Common law was the accepted way of doing things in the 18th Century. “Distinguished from law created by legislature; common law comprise[d] the body of those principles and rules of action, relating to the government and security of persons and property, which derive[d] their authority solely from the usages and customs of immemorial antiquity, or from the judgements and decrees of the courts recognizing, affirming, and enforcing such usages and customs; and in this sense, particularly the ancient unwritten law of England.”

The common law rule of inheritance was based on primogeniture, the “rule of inheritance by which all of a parent’s property descended to the oldest son, excluding daughters and younger sons.” It was a “[s]ystem developed during the feudal period of medieval Europe, when each landholder was responsible to his lord for military service. Primogeniture served to keep the noble’s estate, and therefore his military obligation, from being divided among many heirs.”

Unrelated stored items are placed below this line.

(* With D = U_m when k + 1 = 3m: U_{3m} = U_m (alpha^2m + alpha^m beta^m + beta^2m). *)
Lemma lcm_step_triple k m : S k = (m + m + m)%nat ->
  IZR (L (S k)) ^ 6 <= IZR (L k) ^ 6 * s ^ (14 + 6 * (m + m)).
Proof.
  intros Hk. pose proof (root_pow_pos P Q alpha hP hQ hDelta halpha hlargest (m + m)).
  apply (lcm_step_upper k (U m) (3 * s ^ (m + m))).
  - apply lucasU_divide_lcm. lia.
  - rewrite Hk. replace (m + m + m)%nat with (3 * m)%nat by lia. apply lucasU_divide_mul.
  - apply Unz. lia.
  - lra.
  - rewrite Hk, (lucasU_triple P Q alpha halpha hlargest), Rabs_mult, Rmult_comm.
    apply Rmult_le_compat_r; [apply Rabs_pos|].
    rewrite <- (Rmult_1_l (alpha ^ m * beta ^ m)).
    apply roots_pow_trinomial_le, Rabs_R1.
  - rewrite (pow_add s 14), Nat.mul_comm, pow_mult, Rpow_mult_distr. pose proof root_pow14.
    apply Rmult_le_compat_r; [apply pow_le|]; lra.
Qed.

The entail legally formalized that customary practice of inheritance. “If an estate were divided equally between all siblings ... the estate would be dispersed, and would ultimately cease to exist.”

Jane Austen highlighted the injustices of this system of inheritance the beginning of Sense and Sensibility. The narrator relates how rich, old Mr. Dashwood tied up both his money and his estate so that it had to stay in the male line, and could not be passed on to the young women of his family even though the male heir was already handsomely provided for.

It is remarkable that women’s lack of autonomy in this period was precisely the result of their status in the marriage market as a type of financial or consumer commodity central to the process of social mobility among genteel families. Women’s value was seen, in a sense, in inverse proportion to their uselessness (and, effectively, their powerlessness), in that their genteel credentials – and the fact that they had reliable credit to bring to a marriage – were validated by the fact that they did not earn their own living. Therefore, to have value and a certain type of power in the marriage stakes, middle-class woman could not earn their own living; but this obviously placed them in an economically vulnerable position where they were always actually at the mercy of the male world’s decisions about their ‘investment’ value: fathers would decide how much to settle on them, and the open market of prospective husbands would then decide if it was enough.”